Congress has passed a law extending unemployment insurance in the 27 states where the jobless rate is above 8.5%. The bill passed by a margin of 331-83, so it had remarkably broad support.
Congress and the Administration are understandably worried that more than one million people will lose their income social safety net between now and the end of 2009. As the law passed Rep. Charlie Melancon of Louisiana said, “Unemployment knows no borders or boundaries, and is just as painful if you live in Natchez, Miss., or just a few miles away in Vidalia, La.,”
Melancon’s point about joblessness knowing no boundaries is a fine one. It raises the issue of what happens to people in the 23 states that are not included in the bill. The unemployed in those states are no less unemployed than they are in the 27 getting extra support. Once their benefits run out, they are no less desperate. The new legislation does not fix the problem of people running out of support payments from the government; it just contains it.

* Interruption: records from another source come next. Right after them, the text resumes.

Lemma lift_step N v n w :
  forest_addresses (map fst N) -> compatible_on (Al Sig) N v -> n < size N ->
  compatible_on (Ap Sig) (take n N) w -> pil_word w = take n v ->
  exists2 w', compatible_on (Ap Sig) (take n.+1 N) w' & pil_word w' = take n.+1 v.
Proof.
move=> addrN cv lt_nN cw Pw.
have [[p s] EN] := onth_exists lt_nN.
have [c Ec] : exists c, onth v n = Some c by apply: onth_exists; case: cv => ->.
have [u [Su Ru Eu]] := lift_letter addrN cv cw Pw EN Ec.
exists (rcons w (c.1, u)).
  rewrite (take_onth EN); apply: compatible_on_rcons => //.
  - by have [_ [_ [Dv _]]] := cv; exact: Dv Ec EN.
  - move=> i b q s' j Eb; rewrite onth_take; case: ifP => // _; exact: Eu Eb.
  - move=> i q s' j; rewrite onth_take; case: ifP => // lt_in EN'.
    exact: no_earlier_child addrN (onth_fst EN) (onth_fst EN') lt_in.
rewrite /pil_word map_rcons -/(pil_word w) Pw (take_onth Ec) /pil_letter /= Su.
by case: c {Ec Su}.
Qed.

Lemma compatible_lift N v :
  forest_addresses (map fst N) -> compatible_on (Al Sig) N v ->
  exists2 w, compatible_on (Ap Sig) N w & pil_word w = v.
Proof.
move=> addrN cv.
suff /(_ (size N) (leqnn _)) : forall n, n <= size N ->
    exists2 w, compatible_on (Ap Sig) (take n N) w & pil_word w = take n v.
  by case: cv => Sv _; rewrite take_size -Sv take_size.
elim=> [_|n IH lt_nN]; first by exists [::]; rewrite ?take0 //; apply: compatible_on_nil.
have [w cw Pw] := IH (ltnW lt_nN); exact: lift_step addrN cv lt_nN cw Pw.
Qed.

End Compatibility.

Section Lift.
Variable Sig : Type.

(* The fallback is chosen so that [pil_word (Ap_lift f v) = v] holds unconditionally. *)
Definition Ap_lift (f : forest Sig) (v : seq (Sig * nat)) : seq (Sig * seq nat) :=
  if pselect (exists2 w, compatible (A := Ap Sig) f w & pil_word w = v) is left ex
  then s2val (cid2 ex) else [seq (c.1, nseq c.2 0) | c <- v].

Aside from what appears to be a discrimination based on location, the legislation does not address the core issue of the government’s role in the job market. The benefits extension will cost about $1.7 billion. It is a wonder that the money is not going to programs to create jobs instead of sending out checks to support the jobless.
The drawback of all the government’s programs meant to arrest the increase in the number of Americans out of work is that they do not have specific provision for creating specific numbers of jobs in specific regions and in specific industries. Even the $787 billion stimulus package is aimed at creating or saving 3.5 million jobs. Which 3.5 million jobs is a matter of conjecture.